---------- Records for processing ----------
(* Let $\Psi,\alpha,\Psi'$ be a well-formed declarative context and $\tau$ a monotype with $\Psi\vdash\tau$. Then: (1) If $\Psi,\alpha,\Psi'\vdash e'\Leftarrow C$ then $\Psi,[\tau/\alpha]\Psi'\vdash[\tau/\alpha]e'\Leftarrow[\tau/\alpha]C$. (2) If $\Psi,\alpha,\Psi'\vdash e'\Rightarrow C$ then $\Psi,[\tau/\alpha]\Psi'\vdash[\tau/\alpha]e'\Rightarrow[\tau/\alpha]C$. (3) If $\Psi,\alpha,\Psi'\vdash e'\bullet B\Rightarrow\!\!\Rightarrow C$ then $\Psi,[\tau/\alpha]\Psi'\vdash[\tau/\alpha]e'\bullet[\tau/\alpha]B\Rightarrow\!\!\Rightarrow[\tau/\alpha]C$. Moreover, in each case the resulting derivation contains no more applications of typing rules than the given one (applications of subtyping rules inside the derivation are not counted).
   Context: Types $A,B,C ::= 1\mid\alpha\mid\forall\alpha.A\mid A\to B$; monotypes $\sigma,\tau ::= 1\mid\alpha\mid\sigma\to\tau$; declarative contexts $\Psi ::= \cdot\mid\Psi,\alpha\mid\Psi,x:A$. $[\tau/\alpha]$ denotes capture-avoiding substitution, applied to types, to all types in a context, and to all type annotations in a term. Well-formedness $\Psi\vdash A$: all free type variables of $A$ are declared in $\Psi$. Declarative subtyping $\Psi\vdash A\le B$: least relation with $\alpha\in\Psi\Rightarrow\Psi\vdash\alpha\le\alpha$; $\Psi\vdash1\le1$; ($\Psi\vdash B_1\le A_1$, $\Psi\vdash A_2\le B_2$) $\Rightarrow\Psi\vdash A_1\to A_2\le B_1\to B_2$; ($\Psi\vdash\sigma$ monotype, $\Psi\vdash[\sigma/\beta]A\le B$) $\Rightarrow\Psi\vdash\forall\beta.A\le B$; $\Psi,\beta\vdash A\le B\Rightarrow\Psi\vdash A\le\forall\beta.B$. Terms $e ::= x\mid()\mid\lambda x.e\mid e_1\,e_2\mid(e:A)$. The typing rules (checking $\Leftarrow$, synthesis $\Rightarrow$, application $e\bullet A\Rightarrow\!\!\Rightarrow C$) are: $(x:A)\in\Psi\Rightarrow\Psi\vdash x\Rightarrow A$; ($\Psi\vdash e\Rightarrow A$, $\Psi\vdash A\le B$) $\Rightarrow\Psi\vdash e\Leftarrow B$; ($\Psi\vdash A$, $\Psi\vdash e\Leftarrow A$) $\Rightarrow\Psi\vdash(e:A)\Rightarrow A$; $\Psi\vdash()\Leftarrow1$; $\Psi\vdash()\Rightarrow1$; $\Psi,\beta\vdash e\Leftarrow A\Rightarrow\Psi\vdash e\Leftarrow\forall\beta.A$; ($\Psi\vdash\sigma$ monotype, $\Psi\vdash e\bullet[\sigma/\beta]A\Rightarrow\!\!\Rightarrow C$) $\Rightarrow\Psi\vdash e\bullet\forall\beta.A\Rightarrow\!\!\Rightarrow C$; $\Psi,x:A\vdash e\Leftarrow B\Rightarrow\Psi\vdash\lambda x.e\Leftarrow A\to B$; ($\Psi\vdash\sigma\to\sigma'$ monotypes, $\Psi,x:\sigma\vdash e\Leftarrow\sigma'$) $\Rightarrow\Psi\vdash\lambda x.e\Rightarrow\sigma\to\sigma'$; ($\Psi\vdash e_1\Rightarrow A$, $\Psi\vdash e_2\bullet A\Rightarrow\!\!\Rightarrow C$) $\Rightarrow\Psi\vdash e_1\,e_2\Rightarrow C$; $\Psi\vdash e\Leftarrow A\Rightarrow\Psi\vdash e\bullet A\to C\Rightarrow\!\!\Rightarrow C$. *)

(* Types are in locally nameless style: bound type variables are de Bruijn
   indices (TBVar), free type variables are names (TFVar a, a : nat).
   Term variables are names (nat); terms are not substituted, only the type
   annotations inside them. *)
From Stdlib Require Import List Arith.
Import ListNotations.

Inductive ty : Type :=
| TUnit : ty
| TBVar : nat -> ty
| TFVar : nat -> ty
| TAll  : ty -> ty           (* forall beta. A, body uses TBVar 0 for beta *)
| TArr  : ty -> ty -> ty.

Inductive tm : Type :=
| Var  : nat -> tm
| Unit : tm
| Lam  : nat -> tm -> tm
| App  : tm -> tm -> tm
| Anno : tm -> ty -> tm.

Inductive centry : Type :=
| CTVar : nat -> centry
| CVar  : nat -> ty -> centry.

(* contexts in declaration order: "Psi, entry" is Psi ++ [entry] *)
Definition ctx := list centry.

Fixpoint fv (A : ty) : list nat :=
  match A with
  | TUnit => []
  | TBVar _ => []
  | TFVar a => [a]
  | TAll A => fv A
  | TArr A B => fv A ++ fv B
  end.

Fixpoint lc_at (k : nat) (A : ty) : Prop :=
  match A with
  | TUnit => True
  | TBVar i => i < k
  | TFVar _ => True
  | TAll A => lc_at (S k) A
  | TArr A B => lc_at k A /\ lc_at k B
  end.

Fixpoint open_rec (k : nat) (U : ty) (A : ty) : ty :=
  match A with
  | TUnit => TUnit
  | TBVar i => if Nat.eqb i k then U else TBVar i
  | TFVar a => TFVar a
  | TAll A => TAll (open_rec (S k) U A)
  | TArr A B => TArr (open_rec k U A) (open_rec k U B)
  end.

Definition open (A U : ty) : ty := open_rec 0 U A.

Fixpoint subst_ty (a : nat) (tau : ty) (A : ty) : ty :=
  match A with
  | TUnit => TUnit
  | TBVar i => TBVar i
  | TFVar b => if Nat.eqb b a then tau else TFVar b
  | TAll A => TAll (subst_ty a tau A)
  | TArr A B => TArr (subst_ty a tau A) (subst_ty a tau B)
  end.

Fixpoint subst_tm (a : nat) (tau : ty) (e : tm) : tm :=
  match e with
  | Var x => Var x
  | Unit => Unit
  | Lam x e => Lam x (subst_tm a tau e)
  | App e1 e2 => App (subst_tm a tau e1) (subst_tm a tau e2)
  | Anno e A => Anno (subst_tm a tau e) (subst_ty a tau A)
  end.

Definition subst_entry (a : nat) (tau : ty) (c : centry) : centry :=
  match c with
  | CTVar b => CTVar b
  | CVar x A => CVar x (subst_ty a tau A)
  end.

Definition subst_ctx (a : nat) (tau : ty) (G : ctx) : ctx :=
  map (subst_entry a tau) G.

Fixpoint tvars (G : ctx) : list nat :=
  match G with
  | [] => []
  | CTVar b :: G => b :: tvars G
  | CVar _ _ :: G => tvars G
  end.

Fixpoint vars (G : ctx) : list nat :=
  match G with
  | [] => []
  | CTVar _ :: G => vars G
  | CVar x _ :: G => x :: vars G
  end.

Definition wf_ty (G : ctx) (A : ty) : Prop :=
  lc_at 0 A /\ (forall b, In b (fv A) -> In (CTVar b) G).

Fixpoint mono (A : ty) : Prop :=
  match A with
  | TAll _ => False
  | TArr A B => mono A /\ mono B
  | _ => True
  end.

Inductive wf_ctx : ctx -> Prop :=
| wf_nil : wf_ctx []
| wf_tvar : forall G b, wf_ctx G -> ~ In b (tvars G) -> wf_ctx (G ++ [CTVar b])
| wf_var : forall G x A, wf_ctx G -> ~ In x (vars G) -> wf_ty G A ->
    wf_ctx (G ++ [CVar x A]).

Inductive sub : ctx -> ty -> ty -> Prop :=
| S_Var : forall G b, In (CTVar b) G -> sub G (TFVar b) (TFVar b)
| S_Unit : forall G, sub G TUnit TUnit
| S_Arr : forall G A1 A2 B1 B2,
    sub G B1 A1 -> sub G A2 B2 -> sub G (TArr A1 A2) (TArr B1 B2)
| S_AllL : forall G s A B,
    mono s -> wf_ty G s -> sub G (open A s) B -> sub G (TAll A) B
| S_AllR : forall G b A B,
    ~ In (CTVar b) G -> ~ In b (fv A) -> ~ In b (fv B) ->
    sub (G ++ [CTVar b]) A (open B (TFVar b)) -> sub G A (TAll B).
----------
• _What is expected_
Reproduce the lines of the entries above from the one with "for beta *)" to the one with "ty -> centry.", both included, exactly and without any other line.

• _Answer box_
| TAll  : ty -> ty           (* forall beta. A, body uses TBVar 0 for beta *)
| TArr  : ty -> ty -> ty.

Inductive tm : Type :=
| Var  : nat -> tm
| Unit : tm
| Lam  : nat -> tm -> tm
| App  : tm -> tm -> tm
| Anno : tm -> ty -> tm.

Inductive centry : Type :=
| CTVar : nat -> centry
| CVar  : nat -> ty -> centry.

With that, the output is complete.